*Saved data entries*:
(* Let $r\ge 2$, $d\ge 2$. Let $\Delta\subset\mathbb{R}^d$ be a regular simplex with vertices $v_1,\ldots,v_{d+1}$, and let $B$ be the closed Euclidean unit ball centred at the origin. Then for all sufficiently small $\varepsilon>0$ the following holds. Let $U_1\subset v_1+\varepsilon B$ be a set of $r$ points and, for $h\in\{2,\ldots,d+1\}$, let $U_h\subset v_h+\varepsilon B$ be a set of $r-1$ points, chosen so that the coordinates of the points of $A=\bigcup_{h=1}^{d+1}U_h$ are algebraically independent (so $|A|=(r-1)(d+1)+1$), and let $M=U_1$. Then $\operatorname{conv}M\cap\operatorname{conv}(A\setminus M)=\emptyset$, $|M|=r$, and there is no proper partition $\{A_1,\ldots,A_r\}$ of $A$ for which the solution $(z,\alpha)$ of \[ z=\sum_{x\in A_j}\alpha(x)\,x \quad\text{and}\quad 1=\sum_{x\in A_j}\alpha(x)\qquad\text{for all } j\in[r] \] satisfies $\alpha(x)<0$ for all $x\in M$ and $\alpha(x)>0$ for all $x\in A\setminus M$.
   Context: A partition $\{A_1,\ldots,A_r\}$ of $A$ into $r$ parts is called proper if $1\le |A_j|\le d+1$ for every $j$. *)

From HB Require Import structures.
From mathcomp Require Import all_boot all_order all_algebra.
Set Implicit Arguments. Unset Strict Implicit. Unset Printing Implicit Defensive.
Import Order.TTheory GRing.Theory Num.Theory.
Local Open Scope ring_scope.

Definition sqnorm (R : numDomainType) (d : nat) (x : 'rV[R]_d) : R :=
  \sum_(k < d) x ord0 k ^+ 2.

Definition regular_simplex (R : numDomainType) (d : nat)
    (v : 'I_d.+1 -> 'rV[R]_d) : Prop :=
  exists s : R, 0 < s /\ forall i j, i != j -> sqnorm (v i - v j) = s.

(* Algebraic independence over Q of a finite family of elements c : J -> R:
   every polynomial with rational coefficients (of degree < D in each
   variable, for arbitrary D) vanishing at c is the zero polynomial. *)
Definition alg_indep (R : numFieldType) (J : finType) (c : J -> R) : Prop :=
  forall (D : nat) (coef : {ffun J -> 'I_D} -> rat),
    \sum_(e : {ffun J -> 'I_D}) ratr (coef e) * \prod_(j : J) c j ^+ e j = 0 ->
    forall e, coef e = 0.

Definition in_conv (R : numDomainType) (d : nat) (I : finType) (S : {set I})
    (p : I -> 'rV[R]_d) (y : 'rV[R]_d) : Prop :=
  exists lam : I -> R, (forall i, i \in S -> 0 <= lam i) /\
    \sum_(i in S) lam i = 1 /\ y = \sum_(i in S) lam i *: p i.

Definition proper_partition (I : finType) (r d : nat) (P : {set {set I}}) : Prop :=
  partition P [set: I] /\ #|P| = r /\
  forall B, B \in P -> (1 <= #|B| <= d.+1)%N.

(* index type of the points of A: inl i (i < r) are the points of U_1,
   inr (k, j) (k < d, j < r-1) are the points of U_(k+2). *)
Definition ptidx (r d : nat) : finType := ('I_r + ('I_d * 'I_r.-1))%type.

(* cluster of an index: which vertex (0-based) it is close to *)
Definition cluster (r d : nat) (t : ptidx r d) : 'I_d.+1 :=
  match t with inl _ => ord0 | inr (k, _) => lift ord0 k end.

Definition Midx (r d : nat) : {set ptidx r d} :=
  [set t : ptidx r d | if t is inl _ then true else false].

(* With lam k the barycentric coordinate of the simplex attached to the vertex
   v (lift ord0 k) (for a regular simplex its dual basis is explicit) and
   height = \sum_k lam k = 1 - (coordinate of v ord0), the points of M have
   height close to 0 and all other points height close to 1, which separates
   the convex hulls.  For a partition into r blocks, each of the d clusters
   away from v ord0 has only r - 1 points, so some block avoids it; within that
   block lam k z is an affine combination of nearly vanishing values, hence at
   most eta * \sum |alpha|, and the sign pattern of alpha bounds \sum |alpha|
   by 4 * height z.  Summing over k gives height z <= 4 d eta * height z,
   whereas height z >= 1 - d eta > 0.  Algebraic independence is only needed to
   make the r points of M distinct. *)

From HB Require Import structures.
From mathcomp Require Import all_boot all_order all_algebra.
From mathcomp Require Import ring lra.
Import Order.TTheory GRing.Theory Num.Theory.
Set Implicit Arguments. Unset Strict Implicit. Unset Printing Implicit Defensive.
Local Open Scope ring_scope.

Definition dotv (R : numDomainType) (d : nat) (u w : 'rV[R]_d) : R :=
  \sum_(k < d) u ord0 k * w ord0 k.

Section DotProduct.
Variables (R : numDomainType) (d : nat).
Implicit Types (u w : 'rV[R]_d).

Lemma dotC u w : dotv u w = dotv w u.
Proof. by apply: eq_bigr => k _; rewrite mulrC. Qed.

Lemma dotZl (a : R) u w : dotv (a *: u) w = a * dotv u w.
Proof. by rewrite /dotv mulr_sumr; apply: eq_bigr => k _; rewrite mxE mulrA. Qed.

Lemma dotBl u u' w : dotv (u - u') w = dotv u w - dotv u' w.
Proof. by rewrite /dotv -sumrB; apply: eq_bigr => k _; rewrite !mxE mulrBl. Qed.

Lemma dot_suml (I : finType) (P : pred I) (f : I -> 'rV[R]_d) w :
  dotv (\sum_(i | P i) f i) w = \sum_(i | P i) dotv (f i) w.
Proof.
rewrite /dotv; under eq_bigr => k _ do rewrite summxE mulr_suml.
exact: exchange_big.
Qed.

Lemma sqnorm_addZ (c : R) u w :
  sqnorm (u + c *: w) = sqnorm u + 2 * c * dotv u w + c ^+ 2 * sqnorm w.
Proof.
rewrite /sqnorm /dotv !mulr_sumr -!big_split /=; apply: eq_bigr => k _.
by rewrite !mxE; ring.
Qed.

Lemma sqnorm_sub u w : sqnorm (u - w) = sqnorm u - 2 * dotv u w + sqnorm w.
Proof. by rewrite -scaleN1r sqnorm_addZ; ring. Qed.

Lemma dot0l w : dotv 0 w = 0.
Proof. by rewrite /dotv big1 // => k _; rewrite mxE mul0r. Qed.

Lemma dot_self u : dotv u u = sqnorm u.
Proof. by apply: eq_bigr => k _; rewrite expr2. Qed.

Lemma dot_affine_comb (I : finType) (B : {set I}) (a : I -> R) (p : I -> 'rV[R]_d) c w :
  \sum_(t in B) a t = 1 ->
  dotv (\sum_(t in B) a t *: p t - c) w = \sum_(t in B) a t * dotv (p t - c) w.
Proof.
move=> a1; rewrite -[c in LHS]scale1r -a1 scaler_suml -sumrB dot_suml.
by apply: eq_bigr => t _; rewrite -scalerBr dotZl.
Qed.

End DotProduct.

Lemma sqnorm_ge0 (R : realDomainType) d (u : 'rV[R]_d) : 0 <= sqnorm u.
Proof. by apply: sumr_ge0 => k _; exact: sqr_ge0. Qed.

Lemma normr_dot_le (R : realFieldType) d (e : R) (u w : 'rV[R]_d) :
  0 < e -> sqnorm u <= e ^+ 2 -> `|dotv u w| <= e * (1 + sqnorm w) / 2.
Proof.
move=> e0 hu.
have h1 := sqnorm_ge0 (u + (- e) *: w).
have h2 := sqnorm_ge0 (u + e *: w).
rewrite sqnorm_addZ in h1; rewrite sqnorm_addZ in h2.
have hw := sqnorm_ge0 w.
by rewrite ler_norml; apply/andP; split; rewrite -(ler_pM2l e0); nra.
Qed.

Lemma uniform_dot_bound (R : realFieldType) d n (w : 'I_n -> 'rV[R]_d) :
  exists K, 0 < K /\ forall k eps u, 0 < eps -> sqnorm u <= eps ^+ 2 ->
    `|dotv u (w k)| <= eps * K.
Proof.
have q_ge0 k : 0 <= (1 + sqnorm (w k)) / 2 by rewrite divr_ge0 ?addr_ge0 ?sqnorm_ge0.
exists (1 + \sum_k (1 + sqnorm (w k)) / 2); split.
  by rewrite ltr_wpDr ?sumr_ge0.
move=> k eps u eps_gt0 u_small; rewrite (le_trans (normr_dot_le _ eps_gt0 u_small)) //.
rewrite -mulrA ler_pM2l // (bigD1 k) //= addrCA lerDl addr_ge0 ?sumr_ge0 //.
Qed.

Lemma regular_simplex_dual_basis (R : numFieldType) d (v : 'I_d.+1 -> 'rV[R]_d) :
  regular_simplex v -> exists w : 'I_d -> 'rV[R]_d,
    forall j k, dotv (v (lift ord0 j) - v ord0) (w k) = (j == k)%:R.
Proof.
case=> s [s0 hs]; pose e j := v (lift ord0 j) - v ord0.
have gram j k : dotv (e j) (e k) = if j == k then s else s / 2.
  have ejk : e j - e k = v (lift ord0 j) - v (lift ord0 k).
    by rewrite /e opprB addrA subrK.
  case: eqVneq => [->|njk]; first by rewrite dot_self /e hs ?neq_lift.
  have := sqnorm_sub (e j) (e k).
  rewrite {1}ejk /e !hs ?neq_lift ?(inj_eq lift_inj) // => hsub.
  rewrite [LHS](_ : _ = (s + s - (s - 2 * dotv (e j) (e k) + s)) / 2); last by field.
  by rewrite -hsub; field.
have dn0 : d%:R + 1 != 0 :> R by rewrite -[1]/(1%:R) -natrD pnatr_eq0 addn1.
exists (fun k => (2 / s) *: e k - (2 / (s * (d%:R + 1))) *: \sum_i e i) => j k.
rewrite -/(e j) dotC dotBl !dotZl dot_suml gram.
rewrite (eq_bigr (fun i => s / 2 + (if i == j then s / 2 else 0))); last first.
  by move=> i _; rewrite gram; case: eqP => _; [field | rewrite addr0].
rewrite big_split /= sumr_const card_ord -big_mkcond big_pred1_eq eq_sym.
by case: eqP => _ /=; rewrite -[_ *+ d]mulr_natl; field; rewrite dn0 gt_eqF.
Qed.

Lemma signed_affine_comb_bounds (R : realFieldType) (I : finType) (B M : {set I})
    (a f : I -> R) (eta : R) :
  0 <= eta -> 4 * eta <= 1 -> \sum_(t in B) a t = 1 ->
  (forall t, t \in B -> if t \in M then a t < 0 else 0 < a t) ->
  (forall t, t \in M -> f t <= eta) -> (forall t, t \notin M -> 1 - eta <= f t) ->
  1 - eta <= \sum_(t in B) a t * f t /\
  \sum_(t in B) `|a t| <= 4 * \sum_(t in B) a t * f t.
Proof.
move=> eta0 eta4 a1 sgn fM fN.
pose A := \sum_(t in B) (if t \in M then 0 else a t).
have A1 : 1 <= A.
  rewrite -a1; apply: ler_sum => t /sgn; case: (t \in M) => h; lra.
have normA : \sum_(t in B) `|a t| = 2 * A - 1.
  rewrite -[X in _ = _ - X]a1 mulr_sumr -sumrB; apply: eq_bigr => t /sgn.
  by case: (t \in M) => h; [rewrite ltr0_norm // | rewrite gtr0_norm //]; ring.
have lowS : A - eta * (2 * A - 1) <= \sum_(t in B) a t * f t.
  rewrite -normA mulr_sumr /A -sumrB; apply: ler_sum => t tB.
  have := sgn t tB; case: ifPn => tM at0.
    by have := fM t tM; rewrite ltr0_norm //; nra.
  by have := fN t tM; rewrite gtr0_norm //; nra.
rewrite normA; split; nra.
Qed.

Section ConvexCombinationBounds.
Variables (R : realDomainType) (I : finType) (S : {set I}) (l f : I -> R) (c : R).
Hypotheses (l_ge0 : forall i, i \in S -> 0 <= l i) (l_sum1 : \sum_(i in S) l i = 1).

Lemma convex_comb_le : (forall i, i \in S -> f i <= c) -> \sum_(i in S) l i * f i <= c.
Proof.
move=> fc; rewrite -[c]mul1r -[X in X * c]l_sum1 mulr_suml.
by apply: ler_sum => i iS; rewrite ler_wpM2l ?l_ge0 ?fc.
Qed.

Lemma convex_comb_ge : (forall i, i \in S -> c <= f i) -> c <= \sum_(i in S) l i * f i.
Proof.
move=> fc; rewrite -[c]mul1r -[X in X * c]l_sum1 mulr_suml.
by apply: ler_sum => i iS; rewrite ler_wpM2l ?l_ge0 ?fc.
Qed.

End ConvexCombinationBounds.

Lemma partition_disjoint_block (I : finType) (P : {set {set I}}) (A : {set I}) :
  partition P [set: I] -> (#|A| < #|P|)%N -> exists2 B, B \in P & [disjoint B & A].
Proof.
case/and3P=> _ trivP _ ltAP.
have /subsetPn[B BP BnA] : ~~ (P \subset pblock P @: A).
  by apply: contraTN ltAP => /subset_leq_card/leq_trans/(_ (leq_imset_card _ _)); rewrite leqNgt.
exists B => //; apply/pred0P => t /=; apply/negbTE/negP => /andP[tB tA].
by move: BnA; rewrite -(def_pblock trivP BP tB) imset_f.
Qed.

Lemma alg_indep_inj (R : numFieldType) (J : finType) (c : J -> R) :
  alg_indep c -> injective c.
Proof.
move=> indep a b cab; apply/eqP/negPn/negP => nab.
pose mono (x : J) : {ffun J -> 'I_2} := [ffun y => if y == x then ord_max else ord0].
have monoE x : \prod_y c y ^+ mono x y = c x.
  rewrite (bigD1 x) //= ffunE eqxx expr1 big1 ?mulr1 // => y yx.
  by rewrite ffunE (negbTE yx) expr0.
have mono_neq : mono a != mono b.
  apply: contra nab => /eqP/ffunP/(_ a); rewrite !ffunE eqxx.
  by case: eqP => // _ /(congr1 val).
pose coef e : rat := if e == mono a then 1 else if e == mono b then -1 else 0.
suff : coef (mono a) = 0 by rewrite /coef eqxx => /eqP; rewrite oner_eq0.
apply: (indep 2).
rewrite (bigD1 (mono a)) //= (bigD1 (mono b)) 1?eq_sym //= [X in _ + (_ + X)]big1; last first.
  by move=> e /andP[ea eb]; rewrite /coef (negbTE ea) (negbTE eb) rmorph0 mul0r.
by rewrite /coef eqxx eq_sym (negbTE mono_neq) eqxx rmorph1 rmorphN1 !monoE cab; ring.
Qed.

Section SimplexCoordinates.
Variables (R : realFieldType) (d : nat) (I : finType).
Variables (v : 'I_d.+1 -> 'rV[R]_d) (w : 'I_d -> 'rV[R]_d).
Hypothesis dual : forall j k, dotv (v (lift ord0 j) - v ord0) (w k) = (j == k)%:R.
Variables (cluster : I -> 'I_d.+1) (p : I -> 'rV[R]_d) (eta : R).

Let lam k x := dotv (x - v ord0) (w k).
Let height x := \sum_k lam k x.
Let M := [set t | cluster t == ord0].

Hypothesis eta_ge0 : 0 <= eta.
Hypothesis eta_small : 4 * d%:R * eta < 1.
Hypothesis near : forall k t, `|lam k (p t) - lam k (v (cluster t))| <= eta.

Lemma lam_vertex k c : lam k (v c) = (c == lift ord0 k)%:R.
Proof.
case: (unliftP ord0 c) => [j ->|->]; first by rewrite /lam dual (inj_eq lift_inj).
by rewrite /lam subrr dot0l (negbTE (neq_lift _ _)).
Qed.

Lemma height_vertex c : height (v c) = (c != ord0)%:R.
Proof.
case: (unliftP ord0 c) => [j ->|->]; last first.
  by rewrite eqxx /height big1 // => k _; rewrite lam_vertex (negbTE (neq_lift _ _)).
rewrite /height (eq_bigr (fun k => if k == j then 1 else 0)) => [|k _]; last first.
  by rewrite lam_vertex (inj_eq lift_inj) eq_sym; case: eqP.
by rewrite -big_mkcond big_pred1_eq eq_sym neq_lift.
Qed.

Lemma lam_affine_comb k (B : {set I}) (a : I -> R) :
  \sum_(t in B) a t = 1 -> lam k (\sum_(t in B) a t *: p t) = \sum_(t in B) a t * lam k (p t).
Proof. exact: dot_affine_comb. Qed.

Lemma height_affine_comb (B : {set I}) (a : I -> R) :
  \sum_(t in B) a t = 1 -> height (\sum_(t in B) a t *: p t) = \sum_(t in B) a t * height (p t).
Proof.
move=> a1; rewrite /height; under eq_bigr => k _ do rewrite lam_affine_comb //.
by rewrite exchange_big; apply: eq_bigr => t _; rewrite mulr_sumr.
Qed.

Lemma height_pt_bounds t :
  (t \in M -> height (p t) <= d%:R * eta) /\
  (t \notin M -> 1 - d%:R * eta <= height (p t)).
Proof.
have : `|height (p t) - height (v (cluster t))| <= d%:R * eta.
  rewrite /height -sumrB (le_trans (ler_norm_sum _ _ _)) //.
  by rewrite [d%:R * _]mulr_natl -[X in _ *+ X]card_ord -sumr_const; apply: ler_sum.
rewrite height_vertex !inE ler_norml => /andP[lo hi].
split=> [/eqP ct | /negbTE ct]; move: lo hi; rewrite ct ?eqxx /= ?subr0 => lo hi; lra.
Qed.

*WHAT IS EXPECTED*:
Retype, exactly and in full, the lines above from the one containing "0 <= eta -> 4" through the one containing "Hypotheses (l_ge0 : forall".

*ANSWER BELOW*:
  0 <= eta -> 4 * eta <= 1 -> \sum_(t in B) a t = 1 ->
  (forall t, t \in B -> if t \in M then a t < 0 else 0 < a t) ->
  (forall t, t \in M -> f t <= eta) -> (forall t, t \notin M -> 1 - eta <= f t) ->
  1 - eta <= \sum_(t in B) a t * f t /\
  \sum_(t in B) `|a t| <= 4 * \sum_(t in B) a t * f t.
Proof.
move=> eta0 eta4 a1 sgn fM fN.
pose A := \sum_(t in B) (if t \in M then 0 else a t).
have A1 : 1 <= A.
  rewrite -a1; apply: ler_sum => t /sgn; case: (t \in M) => h; lra.
have normA : \sum_(t in B) `|a t| = 2 * A - 1.
  rewrite -[X in _ = _ - X]a1 mulr_sumr -sumrB; apply: eq_bigr => t /sgn.
  by case: (t \in M) => h; [rewrite ltr0_norm // | rewrite gtr0_norm //]; ring.
have lowS : A - eta * (2 * A - 1) <= \sum_(t in B) a t * f t.
  rewrite -normA mulr_sumr /A -sumrB; apply: ler_sum => t tB.
  have := sgn t tB; case: ifPn => tM at0.
    by have := fM t tM; rewrite ltr0_norm //; nra.
  by have := fN t tM; rewrite gtr0_norm //; nra.
rewrite normA; split; nra.
Qed.

Section ConvexCombinationBounds.
Variables (R : realDomainType) (I : finType) (S : {set I}) (l f : I -> R) (c : R).
Hypotheses (l_ge0 : forall i, i \in S -> 0 <= l i) (l_sum1 : \sum_(i in S) l i = 1).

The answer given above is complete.